Stored data entries:
Lemma mcm_full_rows_setU1_Bset ws w v :
  uniq ws -> ws =i odds -> ~~ odd w -> ~~ odd v -> v != w ->
  size (rcons ws w) <= mcm (rows (rcons ws w)) (v |: Bset (I6 l) v).
Proof.
move=> ws_uniq ws_odds even_w even_v ne_vw; rewrite /rows.
have lt_v := ltn_ord v; have lt_w := ltn_ord w.
have ne_vw' : v != w :> nat by [].
have ws'_uniq : uniq (rcons ws w) by rewrite rcons_uniq ws_odds inE even_w.
have ws'_facts u : u \in rcons ws w -> u = w \/ odd u /\ u < 4 * l + 1.
  by rewrite mem_rcons in_cons ws_odds inE => /predU1P[|]; [left | right; split].
have [lt_w_hub | ge_w_hub] := ltnP w (4 * l); last first.
  have lt_v_hub : v < 4 * l by lia.
  pose F (u : 'I_(4 * l + 1)) :=
    if u == 4 * l :> nat then nat_of_ord v else if u == v.+1 :> nat then nat_of_ord u else u.-1.
  apply: (size_le_mcm_map (F := F)) => //.
    move=> u1 u2 /ws'_facts[->|[odd1 _]] /ws'_facts[->|[odd2 _]] //;
      by rewrite /F => F12; apply/ord_inj; move: F12; lia_ifs.
  move=> u /ws'_facts[->|[odd_u lt_u]]; rewrite /F; split; try lia_ifs;
    move=> x x_u; rewrite in_setI !in_setU1_ord in_Bset; move: x_u.
    by rewrite mem_I6_hub ?mem_I6_even //; lia_ifs.
  by rewrite mem_I6_odd ?mem_I6_even //; lia_ifs.
have [lt_v_hub | ge_v_hub] := ltnP v (4 * l).
  pose F (u : 'I_(4 * l + 1)) := if u == w :> nat then v.+1 else u.-1.
  apply: (size_le_mcm_map (F := F)) => //.
    move=> u1 u2 /ws'_facts[->|[odd1 _]] /ws'_facts[->|[odd2 _]] //;
      by rewrite /F => F12; apply/ord_inj; move: F12; lia_ifs.
  move=> u /ws'_facts[->|[odd_u lt_u]]; rewrite /F; split; try lia_ifs;
    move=> x x_u; rewrite in_setI !in_setU1_ord in_Bset; move: x_u.
    by rewrite !mem_I6_even //; lia_ifs.
  by rewrite mem_I6_odd ?mem_I6_even //; lia_ifs.
pose F (u : 'I_(4 * l + 1)) := if u == w :> nat then 4 * l else nat_of_ord u.
apply: (size_le_mcm_map (F := F)) => //.
  move=> u1 u2 /ws'_facts[->|[odd1 _]] /ws'_facts[->|[odd2 _]] //;
    by rewrite /F => F12; apply/ord_inj; move: F12; lia_ifs.
move=> u /ws'_facts[->|[odd_u lt_u]]; rewrite /F; split; try lia_ifs;
  move=> x x_u; rewrite in_setI !in_setU1_ord in_Bset; move: x_u.
  by rewrite mem_I6_even // mem_I6_hub //; lia_ifs.
by rewrite mem_I6_odd // mem_I6_hub //; lia_ifs.
Qed.

Lemma umcd_next_odd ws w : uniq (rcons ws w) -> {subset rcons ws w <= odds} ->
  umcd_next (I6 l) ([set v | v \notin ws] :\ w) (rows (rcons ws w)) =
  [set v | v \notin rcons ws w].
Proof.
move=> ws'_uniq ws'_odd; apply/setP => v.
rewrite /umcd_next !inE [in RHS]mem_rcons in_cons negb_or.
apply/andb_idr => v_ws'; apply: mcm_setU1_neq_succ.
by rewrite size_rows mcm_odd_rows_Bset // mem_rcons in_cons negb_or.
Qed.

What needs to be done: Please write out the entries above in full, exactly as they read.

Written response:
Lemma mcm_full_rows_setU1_Bset ws w v :
  uniq ws -> ws =i odds -> ~~ odd w -> ~~ odd v -> v != w ->
  size (rcons ws w) <= mcm (rows (rcons ws w)) (v |: Bset (I6 l) v).
Proof.
move=> ws_uniq ws_odds even_w even_v ne_vw; rewrite /rows.
have lt_v := ltn_ord v; have lt_w := ltn_ord w.
have ne_vw' : v != w :> nat by [].
have ws'_uniq : uniq (rcons ws w) by rewrite rcons_uniq ws_odds inE even_w.
have ws'_facts u : u \in rcons ws w -> u = w \/ odd u /\ u < 4 * l + 1.
  by rewrite mem_rcons in_cons ws_odds inE => /predU1P[|]; [left | right; split].
have [lt_w_hub | ge_w_hub] := ltnP w (4 * l); last first.
  have lt_v_hub : v < 4 * l by lia.
  pose F (u : 'I_(4 * l + 1)) :=
    if u == 4 * l :> nat then nat_of_ord v else if u == v.+1 :> nat then nat_of_ord u else u.-1.
  apply: (size_le_mcm_map (F := F)) => //.
    move=> u1 u2 /ws'_facts[->|[odd1 _]] /ws'_facts[->|[odd2 _]] //;
      by rewrite /F => F12; apply/ord_inj; move: F12; lia_ifs.
  move=> u /ws'_facts[->|[odd_u lt_u]]; rewrite /F; split; try lia_ifs;
    move=> x x_u; rewrite in_setI !in_setU1_ord in_Bset; move: x_u.
    by rewrite mem_I6_hub ?mem_I6_even //; lia_ifs.
  by rewrite mem_I6_odd ?mem_I6_even //; lia_ifs.
have [lt_v_hub | ge_v_hub] := ltnP v (4 * l).
  pose F (u : 'I_(4 * l + 1)) := if u == w :> nat then v.+1 else u.-1.
  apply: (size_le_mcm_map (F := F)) => //.
    move=> u1 u2 /ws'_facts[->|[odd1 _]] /ws'_facts[->|[odd2 _]] //;
      by rewrite /F => F12; apply/ord_inj; move: F12; lia_ifs.
  move=> u /ws'_facts[->|[odd_u lt_u]]; rewrite /F; split; try lia_ifs;
    move=> x x_u; rewrite in_setI !in_setU1_ord in_Bset; move: x_u.
    by rewrite !mem_I6_even //; lia_ifs.
  by rewrite mem_I6_odd ?mem_I6_even //; lia_ifs.
pose F (u : 'I_(4 * l + 1)) := if u == w :> nat then 4 * l else nat_of_ord u.
apply: (size_le_mcm_map (F := F)) => //.
  move=> u1 u2 /ws'_facts[->|[odd1 _]] /ws'_facts[->|[odd2 _]] //;
    by rewrite /F => F12; apply/ord_inj; move: F12; lia_ifs.
move=> u /ws'_facts[->|[odd_u lt_u]]; rewrite /F; split; try lia_ifs;
  move=> x x_u; rewrite in_setI !in_setU1_ord in_Bset; move: x_u.
  by rewrite mem_I6_even // mem_I6_hub //; lia_ifs.
by rewrite mem_I6_odd // mem_I6_hub //; lia_ifs.
Qed.

Lemma umcd_next_odd ws w : uniq (rcons ws w) -> {subset rcons ws w <= odds} ->
  umcd_next (I6 l) ([set v | v \notin ws] :\ w) (rows (rcons ws w)) =
  [set v | v \notin rcons ws w].
Proof.
move=> ws'_uniq ws'_odd; apply/setP => v.
rewrite /umcd_next !inE [in RHS]mem_rcons in_cons negb_or.
apply/andb_idr => v_ws'; apply: mcm_setU1_neq_succ.
by rewrite size_rows mcm_odd_rows_Bset // mem_rcons in_cons negb_or.
Qed.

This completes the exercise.